I never like to be the guy that discourages someone from a tool purchase, but I wouldn't add a panel saw unless I was sure that I would be doing a large volume of plywood projects moving forward. Even then I don't think I would personally do it, but it would be a worthy consideration at that point.

If I had the money burning a hole in my pocket I would buy a nice circular track saw system. Since I rarely have extra money, I made one of these for a few $$: http://www.wwgoa.com/articles/one-great-tip/shop-made-circular-saw-guide/

I find that I can get as good or better quality on this than I an on my Unisaw, and it is much easier to bring the tool to the plywood rather than other way around.


----------



## Loren (May 30, 2008)

It is useful to understand that you won't get cabinetmaker quality
crosscuts off a panel saw that runs on elevated rails.

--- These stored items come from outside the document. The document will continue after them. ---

(* Let $p$ be an odd prime, $\zeta_p = e^{2\pi i/p}$, and for $1 \leq i \leq p-1$ let $$\rho_i = \sqrt{2} - \frac{2\sqrt{2}}{(1+\sqrt{2})^{-2/p}\zeta_p^i + 1},$$ where $(1+\sqrt{2})^{-2/p}$ is the positive real value (these are the non-real roots of $\frac{1}{2\sqrt{2}}\left((1+\sqrt{2})(x+\sqrt{2})^p - (1-\sqrt{2})(x-\sqrt{2})^p\right)$). Then $$\prod_{i=1}^{p-1} |\operatorname{Im}(\rho_i)| \geq p\, 2^{\frac{p-3}{2}}.$$ *)

From Stdlib Require Import Reals List.
From Coquelicot Require Import Coquelicot.
Open Scope R_scope.

Definition zeta (p : nat) : C := (cos (2 * PI / INR p), sin (2 * PI / INR p)).

Definition rho (p i : nat) : C :=
  Cminus (RtoC (sqrt 2))
    (Cdiv (RtoC (2 * sqrt 2))
       (Cplus (Cmult (RtoC (Rpower (1 + sqrt 2) (- 2 / INR p))) (pow_n (zeta p) i))
              (RtoC 1))).

Definition prod_abs_im_rho (p : nat) : R :=
  fold_right Rmult 1 (map (fun i => Rabs (Im (rho p i))) (seq 1 (p - 1))).

(* Write r = (1 + sqrt 2)^(-2/p) and theta_k = 2 pi k / p.  A direct computation gives
   |Im rho_k| = 2 sqrt 2 r |sin theta_k| / |-r - zeta^k|^2.  The cyclotomic identity
   prod_{k=1}^{n-1} (x - zeta^k) = 1 + x + ... + x^(n-1) yields, for real x,
   prod_{k=1}^{n-1} |x - zeta^k|^2 = ((x^n - 1) / (x - 1))^2.  At x = -r the right-hand side
   is ((1 + r^p) / (1 + r))^2 = 8 r^p / (1 + r)^2, because r^p = (1 + sqrt 2)^(-2); at
   x = 1 and x = -1 it gives prod |sin theta_k| = p / 2^(p-1).  Altogether
   prod |Im rho_k| = p 2^((p-1)/2) (1 + r)^2 / (8 r), and (1 + r)^2 >= 4 r. *)

From Stdlib Require Import Reals ZArith Znumtheory Lra Lia List.
From Coquelicot Require Import Coquelicot.
From mathcomp Require all_boot all_algebra complex ring Rstruct.
Open Scope R_scope.

Definition prodR (f : nat -> R) (l : list nat) : R := fold_right Rmult 1 (map f l).
Definition angle (n k : nat) : R := 2 * PI * INR k / INR n.
(* [root_sqdist n x k] is |x - e^(2 pi i k / n)|^2 for real [x]. *)
Definition root_sqdist (n : nat) (x : R) (k : nat) : R := x ^ 2 - 2 * x * cos (angle n k) + 1.
Definition rho_radius (p : nat) : R := Rpower (1 + sqrt 2) (- 2 / INR p).

Lemma prodR_mul f g l : prodR (fun k => f k * g k) l = prodR f l * prodR g l.
Proof. unfold prodR; induction l as [|a l IH]; simpl; [ring | rewrite IH; ring]. Qed.

Lemma prodR_scale c f l : prodR (fun k => c * f k) l = c ^ length l * prodR f l.
Proof. unfold prodR; induction l as [|a l IH]; simpl; [ring | rewrite IH; ring]. Qed.

Lemma prodR_ext f g l : (forall k, f k = g k) -> prodR f l = prodR g l.
Proof. intros Hfg; unfold prodR; now rewrite (map_ext f g). Qed.

Lemma prodR_nonneg f l : (forall k, 0 <= f k) -> 0 <= prodR f l.
Proof.
  intros Hf; unfold prodR; induction l as [|a l IH]; simpl; [lra | now apply Rmult_le_pos].
Qed.

Lemma pow_opp_odd x n : Nat.Odd n -> (- x) ^ n = - x ^ n.
Proof.
  intros [q ->]. replace (- x) with (-1 * x) by ring.
  rewrite Rpow_mult_distr. replace (2 * q + 1)%nat with (S (2 * q)) by lia.
  rewrite pow_1_odd. ring.
Qed.

Lemma angle_0 n : angle n 0 = 0.
Proof. unfold angle; simpl; unfold Rdiv; ring. Qed.

Lemma angle_S n k : (0 < n)%nat -> angle n (S k) = angle n 1 + angle n k.
Proof. intros. unfold angle. rewrite S_INR. simpl. field. apply not_0_INR. lia. Qed.

Lemma angle_n n : (0 < n)%nat -> angle n n = 2 * PI.
Proof. intros. unfold angle. field. apply not_0_INR. lia. Qed.

Lemma cos_angle_neq_1 n k : (0 < k < n)%nat -> cos (angle n k) <> 1.
Proof.
  intros Hk.
  assert (Hk0 : 0 < INR k) by (apply lt_0_INR; lia).
  assert (Hkn : INR k < INR n) by (apply lt_INR; lia).
  set (t := PI * INR k / INR n).
  assert (Ht : 0 < t < PI).
  { unfold t. pose proof PI_RGT_0. split.
    - apply Rdiv_lt_0_compat; nra.
    - apply Rmult_lt_reg_r with (INR n); [lra|].
      unfold Rdiv. rewrite Rmult_assoc, Rinv_l by lra. nra. }
  replace (angle n k) with (2 * t) by (unfold angle, t, Rdiv; ring).
  rewrite cos_2a_sin. pose proof (sin_gt_0 t (proj1 Ht) (proj2 Ht)). nra.
Qed.

Lemma root_sqdist_cos_sin n x k :
  root_sqdist n x k = (x - cos (angle n k)) ^ 2 + sin (angle n k) ^ 2.
Proof.
  unfold root_sqdist. pose proof (sin2_cos2 (angle n k)) as Hsc. unfold Rsqr in Hsc. nra.
Qed.

Lemma root_sqdist_pos n x k : -1 < x < 1 -> 0 < root_sqdist n x k.
Proof.
  intros Hx; unfold root_sqdist.
  pose proof (COS_bound (angle n k)).
  destruct (Rle_or_lt 0 x); nra.
Qed.

Module CyclotomicProduct.
Import all_boot all_algebra complex ring Rstruct GRing.Theory Num.Theory.

Section Products.
Local Open Scope ring_scope.
Local Open Scope complex_scope.

Lemma prod_sub_prim_root {F : fieldType} {n : nat} {z : F} : n.-primitive_root z -> forall y,
  \prod_(1 <= k < n) (y - z ^+ k) = \sum_(k < n) y ^+ k.
Proof.
move=> prim_z y; have n_gt0 := prim_order_gt0 prim_z.
have := factor_Xn_sub_1 prim_z.
rewrite big_ltn // expr0 subrX1 -polyC1 => /(mulfI (negbT (polyXsubC_eq0 1))).
move=> /(congr1 (horner^~ y)); rewrite horner_prod horner_sum.
under eq_bigr do rewrite hornerXsubC.
by under [X in _ = X -> _]eq_bigr do rewrite hornerXn.
Qed.

Lemma mul_subc_conjc (F : rcfType) (x : F) (w : F[i]) :
  (x%:C - w) * (x%:C - w^*) = ((x - complex.Re w) ^+ 2 + complex.Im w ^+ 2)%:C.
Proof. by case: w => a b; simpc; congr (_ +i* _); ring. Qed.

Lemma prod_sqr_sub_prim_root {F : rcfType} {n : nat} {z : F[i]} (x : F) : n.-primitive_root z ->
  \prod_(1 <= k < n) ((x - complex.Re (z ^+ k)) ^+ 2 + complex.Im (z ^+ k) ^+ 2)
  = (\sum_(k < n) x ^+ k) ^+ 2.
Proof.
move=> prim_z; apply: (@complexI F).
have prim_zc : n.-primitive_root z^* by rewrite fmorph_primitive_root.
have sum_C : ((\sum_(k < n) x ^+ k) ^+ 2)%:C = (\sum_(k < n) x%:C ^+ k) ^+ 2.
  by rewrite rmorphXn rmorph_sum; congr (_ ^+ 2); apply: eq_bigr => k _; rewrite rmorphXn.
rewrite sum_C expr2 -{1}(prod_sub_prim_root prim_z).
rewrite -(prod_sub_prim_root prim_zc) -big_split rmorph_prod.
by apply: eq_bigr => k _; rewrite -rmorphXn; apply: esym; apply: mul_subc_conjc.
Qed.

Lemma prodR_big f m n : prodR f (List.seq m (n - m)) = \prod_(m <= k < n) f k.
Proof.
rewrite /index_iota; move: (n - m)%N => l.
by elim: l m => [|l IH] m; rewrite /= ?big_nil ?big_cons -?IH.
Qed.

Definition zeta_c (n : nat) : R[i] := cos (angle n 1) +i* sin (angle n 1).

Lemma zeta_c_exp n k : (0 < n)%coq_nat -> zeta_c n ^+ k = cos (angle n k) +i* sin (angle n k).
Proof.
move=> n_gt0; elim: k => [|k IH]; first by rewrite expr0 angle_0 cos_0 sin_0.
rewrite exprS IH /zeta_c; simpc; rewrite (angle_S n k n_gt0) cos_plus sin_plus.
by congr (_ +i* _); rewrite ?RealsE; ring.
Qed.

Lemma zeta_c_prim n : (0 < n)%coq_nat -> n.-primitive_root (zeta_c n).
Proof.
move=> n_gt0; have /ltP n_gt0' := n_gt0.
have zn1 : zeta_c n ^+ n = 1 by rewrite zeta_c_exp // angle_n // cos_2PI sin_2PI.
have [m prim_m m_dvd_n] := prim_order_exists n_gt0' zn1.
have m_gt0 := prim_order_gt0 prim_m.
have /orP[/eqP m_n | m_lt_n] : (m == n) || (m < n)%N by rewrite -leq_eqVlt dvdn_leq.
  by rewrite m_n in prim_m.
have := prim_expr_order prim_m; rewrite zeta_c_exp // => /(congr1 (@complex.Re R)) /= cos1.
by exfalso; apply: (cos_angle_neq_1 n m) cos1; split; apply/ltP.
Qed.

Lemma prod_root_sqdist n x : (0 < n)%coq_nat ->
  \prod_(1 <= k < n) root_sqdist n x k = (\sum_(k < n) x ^+ k) ^+ 2.
Proof.
move=> n_gt0; rewrite -(prod_sqr_sub_prim_root x (zeta_c_prim _ n_gt0)).
by apply: eq_bigr => k _; rewrite zeta_c_exp // root_sqdist_cos_sin !RpowE.
Qed.

End Products.

(* [%coq_nat] keeps Peano's [Nat.sub], the subtraction used in [prod_abs_im_rho]. *)
Lemma prod_root_sqdist_mul n x : (0 < n)%coq_nat ->
  prodR (root_sqdist n x) (List.seq 1 (n - 1)%coq_nat) * (x - 1) ^ 2 = (x ^ n - 1) ^ 2.
Proof.
move=> n_gt0; rewrite prodR_big prod_root_sqdist // !RealsE.
by rewrite -exprMn mulrC -subrX1.
Qed.

Lemma prod_root_sqdist_at_1 n : (0 < n)%coq_nat ->
  prodR (root_sqdist n 1) (List.seq 1 (n - 1)%coq_nat) = INR n ^ 2.
Proof.
move=> n_gt0; rewrite prodR_big prod_root_sqdist // !RealsE.
by under eq_bigr do rewrite expr1n; rewrite sumr_const card_ord.
Qed.

End CyclotomicProduct.

Lemma zeta_angle p : zeta p = (cos (angle p 1), sin (angle p 1)).
Proof. unfold zeta, angle; simpl INR; now rewrite Rmult_1_r. Qed.

Lemma pow_n_zeta p k : (0 < p)%nat -> pow_n (zeta p) k = (cos (angle p k), sin (angle p k)).
Proof.
  intros Hp; induction k as [|k IH].
  - simpl. now rewrite angle_0, cos_0, sin_0.
  - simpl pow_n. rewrite IH, (angle_S p k Hp), cos_plus, sin_plus, zeta_angle.
    unfold mult; simpl; unfold Cmult; simpl. f_equal; ring.
Qed.

Lemma Im_rho p k : (0 < p)%nat ->
  Im (rho p k) = 2 * sqrt 2 * rho_radius p * sin (angle p k) / root_sqdist p (- rho_radius p) k.
Proof.
  intros Hp. unfold rho. rewrite pow_n_zeta by exact Hp. fold (rho_radius p).
  set (r := rho_radius p). set (c := cos (angle p k)). set (s := sin (angle p k)).
  replace (root_sqdist p (- r) k) with ((r * c + 1) ^ 2 + (r * s) ^ 2).
  - unfold Cminus, Cdiv, Cplus, Cmult, Cinv, Copp, RtoC, Im. simpl.
    rewrite !Rmult_0_l, !Rminus_0_r, !Rplus_0_r. unfold Rdiv. ring.
  - unfold root_sqdist. fold c. pose proof (sin2_cos2 (angle p k)) as Hsc. fold s c in Hsc.
    unfold Rsqr in Hsc. nra.
Qed.

Lemma rho_radius_bounds p : (0 < p)%nat -> 0 < rho_radius p < 1.
Proof.
  intros Hp. unfold rho_radius, Rpower. split; [apply exp_pos|].
  pose proof (sqrt_lt_R0 2 ltac:(lra)).
  assert (0 < ln (1 + sqrt 2)) by (rewrite <- ln_1; apply ln_increasing; lra).
  assert (0 < / INR p) by (apply Rinv_0_lt_compat, lt_0_INR; lia).
  assert (0 < / INR p * ln (1 + sqrt 2)) by (apply Rmult_lt_0_compat; assumption).
  assert (Hneg : -2 / INR p * ln (1 + sqrt 2) < 0) by (unfold Rdiv; lra).
  pose proof (exp_increasing _ _ Hneg) as He. now rewrite exp_0 in He.
Qed.

Lemma rho_radius_pow p : (0 < p)%nat -> rho_radius p ^ p = / (1 + sqrt 2) ^ 2.
Proof.
  intros Hp. assert (Ha : 0 < 1 + sqrt 2) by (pose proof (sqrt_pos 2); lra).
  unfold rho_radius. rewrite <- Rpower_pow by (unfold Rpower; apply exp_pos).
  rewrite Rpower_mult.
  replace (-2 / INR p * INR p) with (- INR 2) by (simpl; field; apply not_0_INR; lia).
  now rewrite Rpower_Ropp, Rpower_pow.
Qed.

Lemma silver_identity : (1 + / (1 + sqrt 2) ^ 2) ^ 2 = 8 * / (1 + sqrt 2) ^ 2.
Proof.
  assert (H2 : sqrt 2 * sqrt 2 = 2) by (apply sqrt_sqrt; lra).
  assert (0 <= sqrt 2) by apply sqrt_pos.
  field_simplify_eq; [nra | nra].
Qed.

Lemma prod_abs_sin_angle n : Nat.Odd n ->
  prodR (fun k => Rabs (sin (angle n k))) (seq 1 (n - 1)) * 2 ^ (n - 1) = INR n.
Proof.
  intros Hodd. assert (Hn : (0 < n)%nat) by (destruct Hodd; lia).
  set (l := seq 1 (n - 1)). set (P := prodR (fun k => Rabs (sin (angle n k))) l).
  assert (Hsq : prodR (root_sqdist n 1) l * prodR (root_sqdist n (-1)) l = (P * 2 ^ (n - 1)) ^ 2).
  { rewrite <- prodR_mul.
    transitivity (prodR (fun k => (2 * Rabs (sin (angle n k))) * (2 * Rabs (sin (angle n k)))) l).
    - apply prodR_ext; intro k. unfold root_sqdist.
      pose proof (sin2_cos2 (angle n k)) as Hsc. unfold Rsqr in Hsc.
      assert (Habs : Rabs (sin (angle n k)) * Rabs (sin (angle n k))
                     = sin (angle n k) * sin (angle n k))
        by (rewrite <- Rabs_mult; apply Rabs_pos_eq; nra).
      nra.
    - rewrite prodR_mul, prodR_scale. unfold l; rewrite length_seq; fold l P.
      set (t := 2 ^ (n - 1)). ring. }
  pose proof (CyclotomicProduct.prod_root_sqdist_at_1 n Hn) as H1.
  pose proof (CyclotomicProduct.prod_root_sqdist_mul n (-1) Hn) as Hm1.
  assert (Hsign : (-1) ^ n = -1).
  { destruct Hodd as [q Hq]. rewrite Hq.
    replace (2 * q + 1)%nat with (S (2 * q)) by lia. apply pow_1_odd. }
  rewrite Hsign in Hm1. fold l in H1, Hm1.
  assert (HS : 0 <= P * 2 ^ (n - 1)).
  { apply Rmult_le_pos; [apply prodR_nonneg; intro; apply Rabs_pos | apply pow_le; lra]. }
  pose proof (pos_INR n).
  apply Rsqr_inj; [exact HS | lra | unfold Rsqr; nra].
Qed.

Lemma prod_root_sqdist_neg_radius p : Nat.Odd p ->
  prodR (root_sqdist p (- rho_radius p)) (seq 1 (p - 1)) * (1 + rho_radius p) ^ 2
  = 8 * rho_radius p ^ p.
Proof.
  intros Hodd. assert (Hp : (0 < p)%nat) by (destruct Hodd; lia).
  pose proof (CyclotomicProduct.prod_root_sqdist_mul p (- rho_radius p) Hp) as H.
  rewrite pow_opp_odd in H by exact Hodd.
  replace ((- rho_radius p - 1) ^ 2) with ((1 + rho_radius p) ^ 2) in H by ring.
  rewrite H, rho_radius_pow, <- silver_identity by exact Hp. ring.
Qed.

Lemma abs_Im_rho_mul p k : (0 < p)%nat ->
  Rabs (Im (rho p k)) * root_sqdist p (- rho_radius p) k
  = 2 * sqrt 2 * rho_radius p * Rabs (sin (angle p k)).
Proof.
  intros Hp. rewrite Im_rho by exact Hp.
  pose proof (rho_radius_bounds p Hp) as Hr. set (r := rho_radius p) in *.
  pose proof (root_sqdist_pos p (- r) k ltac:(lra)) as HQ.
  pose proof (sqrt_lt_R0 2 ltac:(lra)).
  set (s := sin (angle p k)). set (Q := root_sqdist p (- r) k) in *.
  assert (Hc : 0 < 2 * sqrt 2 * r / Q) by (apply Rdiv_lt_0_compat; nra).
  replace (2 * sqrt 2 * r * s / Q) with (2 * sqrt 2 * r / Q * s) by (field; lra).
  rewrite Rabs_mult, (Rabs_pos_eq _ (Rlt_le _ _ Hc)). field. lra.
Qed.

Lemma prod_abs_im_rho_mul p : (0 < p)%nat ->
  prod_abs_im_rho p * prodR (root_sqdist p (- rho_radius p)) (seq 1 (p - 1))
  = (2 * sqrt 2 * rho_radius p) ^ (p - 1) * prodR (fun k => Rabs (sin (angle p k))) (seq 1 (p - 1)).
Proof.
  intros Hp. unfold prod_abs_im_rho. fold (prodR (fun k => Rabs (Im (rho p k))) (seq 1 (p - 1))).
  rewrite <- prodR_mul.
  rewrite (prodR_ext _ (fun k => 2 * sqrt 2 * rho_radius p * Rabs (sin (angle p k)))).
  - now rewrite prodR_scale, length_seq.
  - intro k. now apply abs_Im_rho_mul.
Qed.

Lemma prod_abs_im_rho_odd p q : p = (2 * q + 1)%nat ->
  prod_abs_im_rho p = INR p * 2 ^ q * (1 + rho_radius p) ^ 2 / (8 * rho_radius p).
Proof.
  intros Hpq. assert (Hodd : Nat.Odd p) by (exists q; exact Hpq).
  assert (Hp : (0 < p)%nat) by lia.
  pose proof (prod_abs_im_rho_mul p Hp) as HI.
  pose proof (prod_root_sqdist_neg_radius p Hodd) as HQ.
  pose proof (prod_abs_sin_angle p Hodd) as HS.
  pose proof (rho_radius_bounds p Hp) as Hr.
  set (r := rho_radius p) in *. set (Q := prodR (root_sqdist p (- r)) (seq 1 (p - 1))) in *.
  set (P := prodR (fun k => Rabs (sin (angle p k))) (seq 1 (p - 1))) in *.
  replace (p - 1)%nat with (2 * q)%nat in HI, HS by lia.
  rewrite pow_mult, !Rpow_mult_distr, pow2_sqrt in HI by lra.
  rewrite pow_mult in HS. rewrite Hpq, pow_add, pow_mult, pow_1 in HQ.
  set (T := 2 ^ q) in *. set (F := (2 ^ 2) ^ q) in *. set (u := (r ^ 2) ^ q) in *.
  assert (Hu : 0 < u) by (apply pow_lt, pow_lt; lra).
  assert (HQ0 : 0 < Q) by (assert (0 < (1 + r) ^ 2) by nra; nra).
  apply (Rmult_eq_reg_r Q); [| lra].
  rewrite HI. replace (F * T * u * P) with (T * u * (P * F)) by ring. rewrite HS.
  replace (INR p * T * (1 + r) ^ 2 / (8 * r) * Q) with (INR p * T * (Q * (1 + r) ^ 2) / (8 * r))
    by (field; lra).
  rewrite HQ. field. lra.
Qed.

Theorem theorem6p1 (p : nat) (hp : prime (Z.of_nat p)) (hodd : Nat.Odd p) :
  prod_abs_im_rho p >= INR p * Rpower 2 ((INR p - 3) / 2).
Proof.
  destruct hodd as [q Hpq].
  pose proof (rho_radius_bounds p ltac:(lia)) as Hr.
  rewrite (prod_abs_im_rho_odd p q Hpq).
  replace (Rpower 2 ((INR p - 3) / 2)) with (2 ^ q / 2).
  2: { replace ((INR p - 3) / 2) with (INR q - 1)
         by (rewrite Hpq, plus_INR, mult_INR; simpl; field).
       unfold Rminus. rewrite Rpower_plus, Rpower_Ropp, Rpower_1, Rpower_pow by lra. field. }
  set (r := rho_radius p) in *.
  replace (INR p * (2 ^ q / 2)) with (INR p * 2 ^ q * (4 * r) / (8 * r)) by (field; lra).
  apply Rle_ge, Rmult_le_compat_r; [left; apply Rinv_0_lt_compat; lra |].
  apply Rmult_le_compat_l; [| nra].
  apply Rmult_le_pos; [apply pos_INR | apply pow_le; lra].
Qed.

There will
be tear-out and squareness may or may not be a problem, depending
on what tolerances you work to. Panels can be broken down
to perhaps 1/2" oversized and resized on the table saw with a 
crosscut sled to finished dimension.

I don't much like reaching over a panel to cut it with a track saw
on the horizontal, but the track saw systems are accurate with
some care can make finished cuts in most cabinet parts due to
the superior tear-out control in the various systems. They are
also desirable tools so resale value is very strong. If you can
tolerate cutting on the horizontal, the EZsmart cabinetmaker 
system would be a comparable dollar investment to a panel
saw kit, make tear-out free and square repeatable cuts pretty
much right out of the box, and have a resale value of 85%
of new cost or more, as well as being shippable and portable
for jobsite or outdoor use.

I have a vertical panel saw under construction myself but it 
is a much more high-end style of thing modeled on a Holz-her
and I have a lot of time into building it and the investment
in linear bearings and metal components was not insubstantial.

I owned 3 other panel saws before and had a Festool track saw
for several years as well and have had several good table saws.
None of those systems satisfied me for straight and square 
cuts in sheet goods with minimal tear-out, repeatability, 
consistent squareness and ease of handling 90 lb panels
by myself.


----------



## Viking (Aug 26, 2009)

Here is my inexpensive, easy, and safe way to handle sheet goods.

http://lumberjocks.com/projects/29870

Good luck.


----------